◆ Instructions to follow: Retype, without any change, the line that contains "rewrite mulf_eq0 pnatr_eq0" and every line that follows it to the end of the entries, and nothing else.

[Stored records]

Lemma pair_relE p q : pair_rel e p q = (ptype p == ptype q).
Proof.
case: p q => a b [c d]; apply/idP/idP => [|htype].
  case/existsP => g /andP [ha /orP []] /eqP <-; first by rewrite pair_type_aut.
  by rewrite pair_type_aut // pair_typeC.
have [[h1 h2 h3]|[h1 h2 h3]] :
  [/\ (a < m)%N = (c < m)%N, (b < m)%N = (d < m)%N & (a == b) = (c == d)] \/
  [/\ (a < m)%N = (d < m)%N, (b < m)%N = (c < m)%N & (a == b) = (d == c)].
  move: htype; rewrite /pair_type /= !(inj_eq (@ord_inj _)) [d == c]eq_sym.
  have [<-|_] := eqVneq a b; have [<-|_] := eqVneq c d; rewrite ?eqxx;
  case: (a < m)%N; case: (b < m)%N; case: (c < m)%N; case: (d < m)%N;
  move=> //= _; by [left | right].
- have [g [ga gb gc]] := side_perm_exists h1 h2 h3.
  by apply/existsP; exists g; rewrite ga gb gc eqxx.
- have [g [ga gb gc]] := side_perm_exists h1 h2 h3.
  by apply/existsP; exists g; rewrite ga gb gc eqxx orbT.
Qed.

Hypotheses (m_gt1 : (1 < m)%N) (n_gt1 : (1 < n)%N).

Lemma Kmn_pair_orbits : num_pair_orbits e = 5%N.
Proof.
rewrite /num_pair_orbits; pose class (t : 'I_5) := [set q : 'I_N * 'I_N | ptype q == t].
have hrep (t : 'I_5) : exists q : 'I_N * 'I_N, ptype q = t.
  have /andP [h1 h2] := @type_rep_lt m N t (ltac:(lia)).
  by exists (Ordinal h1, Ordinal h2); rewrite /= type_repK.
have -> : [set [set q | pair_rel e p q] | p : 'I_N * 'I_N] = class @: setT.
  apply/setP => S; apply/imsetP/imsetP => [[p _ ->]|[t _ ->]].
    exists (Ordinal (pair_type_lt5 m p.1 p.2)) => //.
    by apply/setP => q; rewrite !inE pair_relE eq_sym.
  have [p hp] := hrep t; exists p => //.
  by apply/setP => q; rewrite !inE pair_relE hp eq_sym.
rewrite card_imset ?cardsT ?card_ord // => t1 t2 /setP eq12.
have [q hq] := hrep t1; move: (eq12 q); rewrite !inE hq eqxx => /esym/eqP.
exact: val_inj.
Qed.
End Automorphisms.

Local Open Scope ring_scope.

Lemma pencil_cofactor (R : comNzRingType) (N : nat) (A B : 'M[R]_N) (k l1 l2 : R) :
  A *m A = B -> A *m B = k *: A ->
  (l1%:M + l2 *: A) *m ((l1 ^+ 2 - l2 ^+ 2 * k)%:M + (- (l1 * l2)) *: A + l2 ^+ 2 *: B)
  = (l1 * (l1 ^+ 2 - l2 ^+ 2 * k))%:M.
Proof.
move=> hAA hAB.
rewrite mulmxDl !mulmxDr !mul_scalar_mx !mul_mx_scalar.
rewrite -!scalemxAl -!scalemxAr hAA hAB !scalerA.
by apply/matrixP => i j; rewrite !mxE; ring.
Qed.

Section AdjacencyAlgebra.
Variable R : comNzRingType.
Variables m n : nat.
Local Notation N := (m + n).

Lemma sum_by_side (G : bool -> R) (F : 'I_N -> R) :
  (forall k, F k = G (k < m)%N) -> \sum_k F k = m%:R * G true + n%:R * G false.
Proof.
move=> hF; rewrite (eq_bigr _ (fun k _ => hF k)) big_split_ord /=.
rewrite (eq_bigr (fun _ => G true)); last by move=> i _; rewrite ltn_ord.
under [X in _ + X]eq_bigr do rewrite ltnNge leq_addr /=.
by rewrite !sumr_const !card_ord !mulr_natl.
Qed.

Definition Kadj : 'M[R]_N := adjmx R (Kmn_rel m n).

Definition Ksq : 'M[R]_N :=
  \matrix_(i, j) (if (i < m)%N == (j < m)%N then (if (i < m)%N then n%:R else m%:R) else 0).

Lemma Kadj_sqr : Kadj *m Kadj = Ksq.
Proof.
apply/matrixP => i j; rewrite !mxE /Kmn_rel.
rewrite (@sum_by_side (fun b => (if (i < m)%N != b then 1 else 0) *
                                (if b != (j < m)%N then 1 else 0))); last first.
  by move=> k; rewrite !mxE.
by case: (i < m)%N; case: (j < m)%N; rewrite /= ?mulr1 ?mulr0 ?addr0 ?add0r.
Qed.

Lemma Kadj_Ksq : Kadj *m Ksq = (m * n)%:R *: Kadj.
Proof.
apply/matrixP => i j; rewrite !mxE /Kmn_rel natrM.
rewrite (@sum_by_side (fun b => (if (i < m)%N != b then 1 else 0) *
   (if b == (j < m)%N then (if b then n%:R else m%:R) else 0))); last first.
  by move=> k; rewrite !mxE.
case: (i < m)%N; case: (j < m)%N;
  by rewrite /= ?(mulr1, mulr0, mul1r, mul0r, addr0, add0r) // mulrC.
Qed.

(* The matrices a + b A + c A^2; the reciprocal variety lies in their span. *)
Definition span_mx (a b c : R) : 'M[R]_N := a%:M + b *: Kadj + c *: Ksq.

Lemma span_mxZ (s a b c : R) : s *: span_mx a b c = span_mx (s * a) (s * b) (s * c).
Proof. by rewrite /span_mx !scalerDr scale_scalar_mx !scalerA. Qed.

Definition type_value (a b c : R) (t : nat) : R :=
  match t with
  | 0%N => a + c * n%:R | 1%N => a + c * m%:R | 2%N => c * n%:R | 3%N => c * m%:R
  | _ => b
  end.

Lemma span_entry (a b c : R) (i j : 'I_N) :
  span_mx a b c i j = type_value a b c (pair_type m i j).
Proof.
rewrite !mxE /Kmn_rel /pair_type (inj_eq (@ord_inj _)).
have [<-|ne] := eqVneq i j; rewrite ?eqxx.
  by case: (i < m)%N; rewrite /= ?mulr1n ?mulr0 ?addr0 ?add0r.
rewrite mulr0n add0r.
by case: (i < m)%N; case: (j < m)%N; rewrite /= ?mulr1 ?mulr0 ?addr0 ?add0r.
Qed.
End AdjacencyAlgebra.

Section ReciprocalPoints.
Variable C : numFieldType.
Variables m n : nat.
Hypotheses (m_gt1 : (1 < m)%N) (n_gt0 : (0 < n)%N).
Local Notation N := (m + n).
Local Notation A := (Kadj C m n).

Definition pencil_det (l1 l2 : C) : C := l1 * (l1 ^+ 2 - l2 ^+ 2 * (m * n)%:R).
Definition pencil_cof (l1 l2 : C) : 'M[C]_N :=
  span_mx m n (l1 ^+ 2 - l2 ^+ 2 * (m * n)%:R) (- (l1 * l2)) (l2 ^+ 2).

Lemma pencil_mul_cof l1 l2 : (l1%:M + l2 *: A) *m pencil_cof l1 l2 = (pencil_det l1 l2)%:M.
Proof. exact: pencil_cofactor (Kadj_sqr C m n) (Kadj_Ksq C m n). Qed.

(* An invertible member of L has a nonzero pencil determinant: otherwise its
   cofactor vanishes, and reading off two entries forces l1 = l2 = 0. *)
Lemma pencil_det_neq0 l1 l2 : l1%:M + l2 *: A \in unitmx -> pencil_det l1 l2 != 0.
Proof.
move=> hu; apply/eqP => hdet.
have hcof : pencil_cof l1 l2 = 0.
  by rewrite -[pencil_cof _ _](mulKmx hu) pencil_mul_cof hdet raddf0 mulmx0.
have h0 : (0 < N)%N by lia.
have h1 : (1 < N)%N by lia.
have := congr1 (fun M : 'M[C]_N => M (Ordinal h0) (Ordinal h1)) hcof.
rewrite span_entry mxE /pair_type /= (ltn_trans _ m_gt1) // m_gt1 /= => /eqP.
have n_neq0 : (n == 0%N) = false by lia.
rewrite mulf_eq0 pnatr_eq0 n_neq0 orbF expf_eq0 /= => /eqP l2_0.
have := congr1 (fun M : 'M[C]_N => M (Ordinal h0) (Ordinal h0)) hcof.
rewrite span_entry mxE /pair_type /= (ltn_trans _ m_gt1) // l2_0 /=.
rewrite expr0n /= !(mul0r, subr0, addr0) => /eqP; rewrite expf_eq0 /= => /eqP l1_0.
by move: hu; rewrite l1_0 l2_0 scale0r addr0 unitmxE det_scalar expr0n /= (gtn_eqF h0) unitr0.
Qed.

Lemma pencil_inv l1 l2 : pencil_det l1 l2 != 0 ->
  l1%:M + l2 *: A \in unitmx /\
  invmx (l1%:M + l2 *: A) = (pencil_det l1 l2)^-1 *: pencil_cof l1 l2.
Proof.
move=> hdet; have hM : (l1%:M + l2 *: A) *m ((pencil_det l1 l2)^-1 *: pencil_cof l1 l2) = 1%:M.
  by rewrite -scalemxAr pencil_mul_cof scale_scalar_mx mulVf.
have [hu _] := mulmx1_unit hM; split => //.
by rewrite -[RHS](mulKmx hu) hM mulmx1.
Qed.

◆ Response to the task:
rewrite mulf_eq0 pnatr_eq0 n_neq0 orbF expf_eq0 /= => /eqP l2_0.
have := congr1 (fun M : 'M[C]_N => M (Ordinal h0) (Ordinal h0)) hcof.
rewrite span_entry mxE /pair_type /= (ltn_trans _ m_gt1) // l2_0 /=.
rewrite expr0n /= !(mul0r, subr0, addr0) => /eqP; rewrite expf_eq0 /= => /eqP l1_0.
by move: hu; rewrite l1_0 l2_0 scale0r addr0 unitmxE det_scalar expr0n /= (gtn_eqF h0) unitr0.
Qed.

Lemma pencil_inv l1 l2 : pencil_det l1 l2 != 0 ->
  l1%:M + l2 *: A \in unitmx /\
  invmx (l1%:M + l2 *: A) = (pencil_det l1 l2)^-1 *: pencil_cof l1 l2.
Proof.
move=> hdet; have hM : (l1%:M + l2 *: A) *m ((pencil_det l1 l2)^-1 *: pencil_cof l1 l2) = 1%:M.
  by rewrite -scalemxAr pencil_mul_cof scale_scalar_mx mulVf.
have [hu _] := mulmx1_unit hM; split => //.
by rewrite -[RHS](mulKmx hu) hM mulmx1.
Qed.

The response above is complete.